Carlos D. Bustamante, a genetics professor at Standford, sought to find the gene responsible for the unique trait. He and a team of researchers collected DNA data from several participants on the island. They assessed hair and skin color using a light reflectance meter. They also took blood pressure readings and measured heights and weights, according to Stanford Medicine. Then, the research team asked participants to spit into small tubes to provide saliva for DNA extraction. In a span of a month, Bustamante and his team collected over 1,000 samples.
TYPR1 is the gene responsible for the unique trait
To gain a better understanding of their findings, researchers compared the data they collected from 43 blonde Solomon islanders to 42 dark-haired Islanders. Researchers discovered the blonde participants carried two copies of a mutant gene, called TYRP1, which is present in 26% of the island’s population. TYRP1 stands for tyrosinase-related protein 1, an enzyme previously found to influence pigmentation in mice and humans.
Further research revealed that the rare gene was exclusive to people from the Solomon Islands and absent in the genomes of Europeans. Many people assumed that the blond hair of Melanesia was the result of gene flow — a trait passed on by Europeans, but this is not the case, according to researchers.
“The human characteristic of blond hair arose independently in equatorial Oceania. That’s quite unexpected and fascinating,” Kenny, a postdoctoral scholar in Bustamante’s lab said of the exciting results. Bustamante echoed similar sentiments, noting how the result was monumental for studying the genetics of isolated populations.
“If we’re going to be designing the next generation of medical treatments using genetic information and we don’t have a really broad spectrum of populations included, you could disproportionately benefit some populations and harm others,” he added.
Around 5% to 10% of Melanesian people have blonde hair. The gene appears to be more prevalent in younger people across the Island. Researchers believe that when some Melanesians get older, their bright blonde hair begins to fade to a darker hue. This could explain why many adult Melanesians tend to have darker hair.
Melanesians are descendants of the first Homosapiens
Blonde hair isn’t the only interesting fact about the Malensians. In 2007, a genetic study led by scholars at Cambridge and Anglia Ruskin Universities found that the Melanesian population was related to the first group of Homosapiens that emigrated from Africa 2,000 generations ago.

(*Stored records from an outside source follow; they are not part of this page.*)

Lemma sum_traj_weightS_const_trans (q : st M -> R) t s :
    (forall s a s', trans M s a s' = q s') ->
  \sum_(h : t.+1.-tuple (st M * act M)) traj_weight pi h s =
  q s * \sum_(h : t.-tuple (st M * act M)) \sum_(s' : st M)
     traj_weight pi h s' * (s' != sf M)%:R.
Proof.
move=> transE; rewrite sum_traj_weightS mulr_sumr; apply: eq_bigr => h _.
rewrite -(pair_bigA _ (fun s' a => traj_weight pi h s' *
  ((s' != sf M)%:R * pol pi h s' a * trans M s' a s))) mulr_sumr.
apply: eq_bigr => s' _; under eq_bigr do rewrite transE mulrA mulrAC.
by rewrite -!mulr_sumr pol_sum mulr1 mulrAC mulrC.
Qed.

Lemma occ_t_time_dependent (g : nat -> st M -> act M -> R) t s a :
    (forall h s a, pol pi h s a = g (size h) s a) ->
  occ_t pi t s a =
  (\sum_(h : t.-tuple (st M * act M)) traj_weight pi h s) *
  (s != sf M)%:R * g t s a.
Proof.
move=> polE; rewrite /occ_t.
by under eq_bigr do rewrite polE size_tuple; rewrite -!mulr_suml.
Qed.

End Trajectories.

Lemma series_lbound_pinfty (R : realType) (f : nat -> R) (c : R) :
  0 < c -> (forall t, c <= f t) -> (\sum_(t <oo) (f t)%:E = +oo)%E.
Proof.
move=> c_gt0 cf; apply: eq_infty => r.
have f_ge0 t : (0 <= t)%N -> true -> (0 <= (f t)%:E)%E.
  by move=> _ _; rewrite lee_fin (le_trans (ltW c_gt0)).
pose k := Num.bound (`|r| / c).
apply: (le_trans _ (nneseries_lim_ge k f_ge0)).
rewrite sumEFin lee_fin (le_trans _ (ler_sum _ (fun t _ => cf t))) //.
rewrite sumr_const_nat subn0 -mulr_natl.
have := archi_boundP (divr_ge0 (normr_ge0 r) (ltW c_gt0)).
by rewrite ltr_pdivrMr // => /ltW; exact: le_trans (ler_norm r).
Qed.

Lemma pinfty_atom_not_sigma_finite (T : Type) (R : realType)
    (mu : set T -> \bar R) x :
  (forall E, E x -> mu E = +oo%E) -> ~ sigma_finite_on mu.
Proof.
move=> mu_x [F [Fcover Ffin]].
have [n _ Fnx] : (\bigcup_n F n) x by rewrite Fcover.
by have := Ffin n; rewrite mu_x // ltxx.
Qed.

Section Coin.
Variable R : realType.

Definition coin (p : R) (a : bool) : R := if a then p else 1 - p.

Lemma coin_ge0 p a : 0 <= p <= 1 -> 0 <= coin p a.
Proof. by case: a => /andP[p_ge0 p_le1]; rewrite /coin ?subr_ge0. Qed.

Lemma coin_gt0 p a : 0 < p < 1 -> 0 < coin p a.
Proof. by case: a => /andP[p_gt0 p_lt1]; rewrite /coin ?subr_gt0. Qed.

Lemma sum_coin p : \sum_(a : bool) coin p a = 1.
Proof. by rewrite big_bool /coin /= addrC subrK. Qed.

End Coin.

Section LoopMDP.
Variable R : realType.

Definition delta_false (s : bool) : R := (s == false)%:R.

Lemma delta_false_ge0 s : 0 <= delta_false s.
Proof. exact: ler0n. Qed.

Lemma sum_delta_false : \sum_(s : bool) delta_false s = 1.
Proof. by rewrite big_bool /delta_false /= add0r. Qed.

Definition loop_mdp : mdp R :=
  @MDP R bool bool delta_false (fun _ _ => delta_false) (fun _ _ => 0) true 1
    delta_false_ge0 sum_delta_false (fun _ _ => delta_false_ge0)
    (fun _ _ => sum_delta_false) ler01 (lexx 1).

Lemma loop_state_weight (pi : policy loop_mdp) t s :
  \sum_(h : t.-tuple (bool * bool)) traj_weight pi h s = delta_false s.
Proof.
elim: t s => [|t IH] s.
  by rewrite big_tuple0 /traj_weight big_ord0 mulr1.
rewrite (@sum_traj_weightS_const_trans _ loop_mdp _ delta_false) //.
rewrite exchange_big big_bool -!mulr_suml !IH /delta_false /=.
by rewrite !mulr0 mulr1 add0r mulr1.
Qed.

Section TimeDependentPolicy.
Variables (pi : policy loop_mdp) (g : nat -> bool -> bool -> R).
Hypothesis polE : forall h s a, pol pi h s a = g (size h) s a.

Lemma time_policy_ge0 t s a : 0 <= g t s a.
Proof. by rewrite -(size_nseq t (false, false)) -polE pol_ge0. Qed.

Lemma loop_occupancyE E : occupancy pi E =
  (\sum_(t <oo) (\sum_(x : bool * bool | x \in E)
                   delta_false x.1 * g t x.1 x.2)%:E)%E.
Proof.
apply: eq_eseriesr => t _; rewrite expr1n mul1r; congr EFin.
apply: eq_bigr => -[s a] _; rewrite (occ_t_time_dependent _ _ _ polE).
by rewrite loop_state_weight; case: s; rewrite /delta_false /= ?mul0r ?mulr1.
Qed.

Lemma loop_occupancy_pinfty E a c : 0 < c -> (forall t, c <= g t false a) ->
  E (false, a) -> occupancy pi E = +oo%E.
Proof.
move=> c_gt0 cg Efa; rewrite loop_occupancyE.
apply: (series_lbound_pinfty c_gt0) => t.
rewrite (bigD1 (false, a)) /=; last exact: mem_set.
rewrite /delta_false mul1r (le_trans (cg t)) // lerDl sumr_ge0 // => x _.
by rewrite mulr_ge0 ?delta_false_ge0 ?time_policy_ge0.
Qed.

Lemma loop_occupancy_terminal E : E `<=` [set x | x.1 = true] ->
  occupancy pi E = 0%E.
Proof.
move=> Eterm; rewrite loop_occupancyE; apply: eseries0 => t _ _.
by rewrite big1 // => x /set_mem /Eterm ->; rewrite mul0r.
Qed.

Lemma loop_occupancy1 a :
  occupancy pi [set (false, a)] = (\sum_(t <oo) (g t false a)%:E)%E.
Proof.
rewrite loop_occupancyE; apply: eq_eseriesr => t _; congr EFin.
rewrite (big_pred1 (false, a)) ?mul1r // => x.
by apply/idP/eqP => [/set_mem | ->] //; exact: mem_set.
Qed.

End TimeDependentPolicy.

Lemma loop_markov_occupancy1 (pi : policy loop_mdp) a : is_markov pi ->
  occupancy pi [set (false, a)] = 0%E \/ occupancy pi [set (false, a)] = +oo%E.
Proof.
move=> [k polE]; rewrite (@loop_occupancy1 pi (fun=> k) polE).
have [k0|k_neq0] := eqVneq (k false a) 0.
  by left; apply: eseries0 => t _ _; rewrite k0.
right; apply: (@series_lbound_pinfty _ _ (k false a)) => //.
by rewrite lt_def k_neq0 -(polE [::]) pol_ge0.
Qed.

Lemma coin_markov_kernel p : 0 <= p <= 1 ->
  markov_kernel (M := loop_mdp) (fun _ => coin p).
Proof.
by move=> p_itv; split=> [s a|s]; [exact: coin_ge0 | exact: sum_coin].
Qed.

Lemma half_itv : 0 <= (2^-1 : R) <= 1.
Proof. by apply/andP; split; lra. Qed.

Definition fair_coin : policy loop_mdp :=
  @Policy R loop_mdp (fun _ _ => coin 2^-1)
    (fun _ _ a => coin_ge0 a half_itv) (fun _ _ => sum_coin 2^-1).

Definition commit_prob (t : nat) : R := if t == 0%N then 2^-1 else 1.

Lemma commit_prob_itv t : 0 <= commit_prob t <= 1.
Proof.
by rewrite /commit_prob; case: eqP => _; [exact: half_itv | rewrite ler01 lexx].
Qed.

Definition explore_then_commit : policy loop_mdp :=
  @Policy R loop_mdp (fun h _ => coin (commit_prob (size h)))
    (fun h _ a => coin_ge0 a (commit_prob_itv (size h)))
    (fun h _ => sum_coin (commit_prob (size h))).

Lemma fair_coin_occupancy_pinfty E a :
  E (false, a) -> occupancy fair_coin E = +oo%E.
Proof.
have cg (t : nat) : 2^-1 <= coin 2^-1 a :> R.
  by rewrite /coin; case: a => //; lra.
by apply: (loop_occupancy_pinfty (g := fun _ _ => coin 2^-1) _ _ cg).
Qed.

Lemma fair_coin_occupancy_ratio (k : bool -> bool -> R) :
    (forall s a, 0 < k s a) ->
  forall s a, occupancy fair_coin [set (s, a)] =
    (occupancy fair_coin ([set s] `*` setT) * (k s a)%:E)%E.
Proof.
move=> k_gt0 [] a; last first.
  by rewrite !(@fair_coin_occupancy_pinfty _ a) //= gt0_mulye ?lte_fin.
rewrite !(@loop_occupancy_terminal _ (fun _ _ => coin 2^-1)) ?mul0e //.
all: by move=> -[s' a'] /= [->].
Qed.

Lemma explore_then_commit_occupancy_pinfty E :
  E (false, true) -> occupancy explore_then_commit E = +oo%E.
Proof.
have cg t : 2^-1 <= coin (commit_prob t) true :> R.
  by rewrite /coin /commit_prob; case: eqP => _ //; lra.
by apply: (loop_occupancy_pinfty (g := fun t _ => coin (commit_prob t)) _ _ cg).
Qed.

Academics analyzed the mitochondrial DNA and Y chromosome DNA of Aboriginal Australians and Melanesians from New Guinea. They compared the data with various DNA patterns associated with early humans.
“The results showed that both the Aborigines and Melanesians share the genetic features that have been linked to the exodus of modern humans from Africa 50,000 years ago,” the University of Cambridge noted of their findings. “These settlers replaced other early humans (such as Neanderthals), rather than interbreeding with them.”